Start of Input data
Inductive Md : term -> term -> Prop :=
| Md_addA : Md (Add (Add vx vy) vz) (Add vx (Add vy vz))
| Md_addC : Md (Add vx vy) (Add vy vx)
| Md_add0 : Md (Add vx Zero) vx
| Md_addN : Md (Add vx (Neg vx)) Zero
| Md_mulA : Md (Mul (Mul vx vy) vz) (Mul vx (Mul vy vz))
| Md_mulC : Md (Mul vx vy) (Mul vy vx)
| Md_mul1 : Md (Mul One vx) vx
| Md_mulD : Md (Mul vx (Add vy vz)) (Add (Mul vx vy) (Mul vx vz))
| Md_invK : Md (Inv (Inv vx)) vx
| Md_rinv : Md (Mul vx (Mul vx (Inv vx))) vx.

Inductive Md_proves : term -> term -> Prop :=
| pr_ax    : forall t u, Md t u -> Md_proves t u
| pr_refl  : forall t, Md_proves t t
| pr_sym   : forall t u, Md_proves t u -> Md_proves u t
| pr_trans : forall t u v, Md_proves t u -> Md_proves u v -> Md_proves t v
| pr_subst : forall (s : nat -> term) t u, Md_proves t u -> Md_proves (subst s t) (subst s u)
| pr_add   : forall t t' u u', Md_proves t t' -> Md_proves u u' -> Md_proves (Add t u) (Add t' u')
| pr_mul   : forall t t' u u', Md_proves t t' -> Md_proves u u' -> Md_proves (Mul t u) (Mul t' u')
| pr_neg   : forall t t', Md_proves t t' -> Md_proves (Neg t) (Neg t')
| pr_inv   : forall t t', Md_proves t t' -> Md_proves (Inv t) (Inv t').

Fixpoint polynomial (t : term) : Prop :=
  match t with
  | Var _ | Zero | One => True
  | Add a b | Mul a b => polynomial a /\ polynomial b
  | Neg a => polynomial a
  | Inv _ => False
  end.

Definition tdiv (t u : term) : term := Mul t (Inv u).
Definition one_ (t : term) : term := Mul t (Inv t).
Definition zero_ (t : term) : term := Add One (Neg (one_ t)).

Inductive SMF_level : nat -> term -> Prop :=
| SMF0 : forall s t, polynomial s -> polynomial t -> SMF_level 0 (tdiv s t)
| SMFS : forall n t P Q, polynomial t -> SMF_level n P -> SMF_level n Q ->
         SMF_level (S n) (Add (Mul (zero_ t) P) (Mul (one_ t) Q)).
End of Input data
Start of Input data
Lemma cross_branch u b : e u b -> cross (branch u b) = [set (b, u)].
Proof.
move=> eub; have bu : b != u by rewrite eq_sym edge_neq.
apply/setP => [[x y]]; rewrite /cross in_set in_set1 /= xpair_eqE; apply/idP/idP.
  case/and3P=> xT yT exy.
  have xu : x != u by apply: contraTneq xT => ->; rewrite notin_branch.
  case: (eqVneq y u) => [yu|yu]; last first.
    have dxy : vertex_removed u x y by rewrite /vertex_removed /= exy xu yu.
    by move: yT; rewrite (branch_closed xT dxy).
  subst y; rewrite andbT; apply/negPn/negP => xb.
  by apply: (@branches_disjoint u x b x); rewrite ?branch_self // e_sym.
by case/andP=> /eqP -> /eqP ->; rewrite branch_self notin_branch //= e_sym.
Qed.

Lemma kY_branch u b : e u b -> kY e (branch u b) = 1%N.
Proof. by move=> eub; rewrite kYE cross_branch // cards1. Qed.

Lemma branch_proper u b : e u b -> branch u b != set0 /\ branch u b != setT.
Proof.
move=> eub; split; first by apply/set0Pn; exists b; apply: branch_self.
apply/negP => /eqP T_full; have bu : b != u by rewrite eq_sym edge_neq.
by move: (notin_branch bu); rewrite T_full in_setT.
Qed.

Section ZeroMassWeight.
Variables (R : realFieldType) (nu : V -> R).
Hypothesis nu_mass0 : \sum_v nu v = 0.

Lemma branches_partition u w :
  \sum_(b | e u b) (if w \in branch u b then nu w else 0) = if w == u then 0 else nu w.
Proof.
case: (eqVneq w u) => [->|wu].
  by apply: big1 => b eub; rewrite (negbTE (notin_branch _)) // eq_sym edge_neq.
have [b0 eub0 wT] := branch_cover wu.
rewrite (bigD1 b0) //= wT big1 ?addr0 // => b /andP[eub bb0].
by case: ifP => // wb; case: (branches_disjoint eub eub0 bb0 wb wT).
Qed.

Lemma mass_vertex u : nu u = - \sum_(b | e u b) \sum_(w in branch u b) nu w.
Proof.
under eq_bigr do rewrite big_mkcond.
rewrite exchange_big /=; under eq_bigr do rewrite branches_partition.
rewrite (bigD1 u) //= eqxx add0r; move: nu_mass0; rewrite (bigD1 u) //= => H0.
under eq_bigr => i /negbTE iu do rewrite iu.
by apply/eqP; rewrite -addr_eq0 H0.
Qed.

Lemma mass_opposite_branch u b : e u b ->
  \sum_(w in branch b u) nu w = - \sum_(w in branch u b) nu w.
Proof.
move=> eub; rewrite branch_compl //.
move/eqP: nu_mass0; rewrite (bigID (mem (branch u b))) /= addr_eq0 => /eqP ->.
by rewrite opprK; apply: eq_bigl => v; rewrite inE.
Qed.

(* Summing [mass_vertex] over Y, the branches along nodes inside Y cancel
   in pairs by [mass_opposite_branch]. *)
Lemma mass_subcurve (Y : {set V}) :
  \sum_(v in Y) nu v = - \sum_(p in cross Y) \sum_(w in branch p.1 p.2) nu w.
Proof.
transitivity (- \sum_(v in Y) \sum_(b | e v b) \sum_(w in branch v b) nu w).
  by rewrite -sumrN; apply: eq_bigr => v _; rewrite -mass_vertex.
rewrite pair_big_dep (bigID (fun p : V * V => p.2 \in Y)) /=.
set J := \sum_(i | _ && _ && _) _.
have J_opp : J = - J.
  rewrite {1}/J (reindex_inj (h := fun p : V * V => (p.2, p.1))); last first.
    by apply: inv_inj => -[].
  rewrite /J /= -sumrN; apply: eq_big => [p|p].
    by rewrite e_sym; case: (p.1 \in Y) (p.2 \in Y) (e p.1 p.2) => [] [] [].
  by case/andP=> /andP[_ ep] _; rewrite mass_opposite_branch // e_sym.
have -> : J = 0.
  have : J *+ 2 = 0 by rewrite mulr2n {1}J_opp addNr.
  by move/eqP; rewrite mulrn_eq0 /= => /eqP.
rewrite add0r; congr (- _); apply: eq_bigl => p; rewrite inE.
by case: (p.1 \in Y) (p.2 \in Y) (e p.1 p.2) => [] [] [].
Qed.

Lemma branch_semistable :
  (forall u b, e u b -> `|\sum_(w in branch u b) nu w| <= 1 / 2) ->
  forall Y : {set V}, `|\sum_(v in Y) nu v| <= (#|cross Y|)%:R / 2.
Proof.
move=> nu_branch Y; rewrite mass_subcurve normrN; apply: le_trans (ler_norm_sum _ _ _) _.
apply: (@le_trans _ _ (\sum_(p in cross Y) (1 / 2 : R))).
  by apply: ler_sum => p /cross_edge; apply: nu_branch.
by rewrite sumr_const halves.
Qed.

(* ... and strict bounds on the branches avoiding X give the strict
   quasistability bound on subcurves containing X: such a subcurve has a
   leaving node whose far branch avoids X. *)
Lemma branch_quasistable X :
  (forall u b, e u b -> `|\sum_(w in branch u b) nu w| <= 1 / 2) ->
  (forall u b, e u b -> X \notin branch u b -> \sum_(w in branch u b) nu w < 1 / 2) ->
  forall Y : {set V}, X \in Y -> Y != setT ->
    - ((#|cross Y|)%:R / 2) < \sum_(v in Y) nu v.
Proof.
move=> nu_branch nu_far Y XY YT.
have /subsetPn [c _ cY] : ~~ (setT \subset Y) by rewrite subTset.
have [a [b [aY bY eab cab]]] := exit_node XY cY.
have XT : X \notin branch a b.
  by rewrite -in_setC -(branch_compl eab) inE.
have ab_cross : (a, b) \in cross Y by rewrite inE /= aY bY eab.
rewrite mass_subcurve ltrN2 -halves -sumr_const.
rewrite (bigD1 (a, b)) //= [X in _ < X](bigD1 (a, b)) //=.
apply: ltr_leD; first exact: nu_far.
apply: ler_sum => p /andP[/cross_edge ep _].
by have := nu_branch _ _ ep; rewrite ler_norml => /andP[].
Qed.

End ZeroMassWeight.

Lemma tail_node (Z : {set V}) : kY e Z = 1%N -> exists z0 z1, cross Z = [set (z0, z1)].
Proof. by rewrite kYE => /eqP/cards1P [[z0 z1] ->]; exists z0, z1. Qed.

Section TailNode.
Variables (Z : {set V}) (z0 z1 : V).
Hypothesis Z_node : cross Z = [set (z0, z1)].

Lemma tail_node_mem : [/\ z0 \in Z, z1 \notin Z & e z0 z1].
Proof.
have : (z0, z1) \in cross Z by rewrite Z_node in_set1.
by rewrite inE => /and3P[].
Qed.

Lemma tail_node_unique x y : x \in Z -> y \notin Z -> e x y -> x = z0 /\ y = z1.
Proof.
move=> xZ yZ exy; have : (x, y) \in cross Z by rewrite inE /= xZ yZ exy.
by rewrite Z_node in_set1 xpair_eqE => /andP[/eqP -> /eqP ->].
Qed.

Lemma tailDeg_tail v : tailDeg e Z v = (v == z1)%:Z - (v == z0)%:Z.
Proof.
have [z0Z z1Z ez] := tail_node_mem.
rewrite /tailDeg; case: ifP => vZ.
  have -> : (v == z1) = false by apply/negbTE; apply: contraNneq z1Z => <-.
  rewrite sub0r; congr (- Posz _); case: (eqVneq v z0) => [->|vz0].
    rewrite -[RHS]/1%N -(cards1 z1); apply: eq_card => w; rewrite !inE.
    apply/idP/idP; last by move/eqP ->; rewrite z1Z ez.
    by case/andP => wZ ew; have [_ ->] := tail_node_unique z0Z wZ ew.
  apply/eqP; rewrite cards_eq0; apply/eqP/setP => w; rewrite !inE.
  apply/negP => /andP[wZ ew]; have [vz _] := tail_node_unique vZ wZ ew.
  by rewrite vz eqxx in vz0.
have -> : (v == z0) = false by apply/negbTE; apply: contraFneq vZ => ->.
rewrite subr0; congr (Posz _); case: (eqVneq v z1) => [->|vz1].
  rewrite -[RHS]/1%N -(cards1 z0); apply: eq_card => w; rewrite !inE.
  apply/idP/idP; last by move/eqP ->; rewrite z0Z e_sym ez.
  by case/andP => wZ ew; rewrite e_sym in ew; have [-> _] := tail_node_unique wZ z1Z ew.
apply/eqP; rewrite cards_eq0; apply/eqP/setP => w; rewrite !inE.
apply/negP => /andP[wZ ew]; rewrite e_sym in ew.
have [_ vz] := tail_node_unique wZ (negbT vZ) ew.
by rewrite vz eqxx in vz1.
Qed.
End of Input data
*How to complete this task*
In the entries above, find the line holding "apply: ltr_leD; first exact: nu_far." and the line holding "Hypothesis Z_node : cross Z = [set (z0, z1)].", then retype exactly those two lines and every line between them, and nothing else.

*Output*
apply: ltr_leD; first exact: nu_far.
apply: ler_sum => p /andP[/cross_edge ep _].
by have := nu_branch _ _ ep; rewrite ler_norml => /andP[].
Qed.

End ZeroMassWeight.

Lemma tail_node (Z : {set V}) : kY e Z = 1%N -> exists z0 z1, cross Z = [set (z0, z1)].
Proof. by rewrite kYE => /eqP/cards1P [[z0 z1] ->]; exists z0, z1. Qed.

Section TailNode.
Variables (Z : {set V}) (z0 z1 : V).
Hypothesis Z_node : cross Z = [set (z0, z1)].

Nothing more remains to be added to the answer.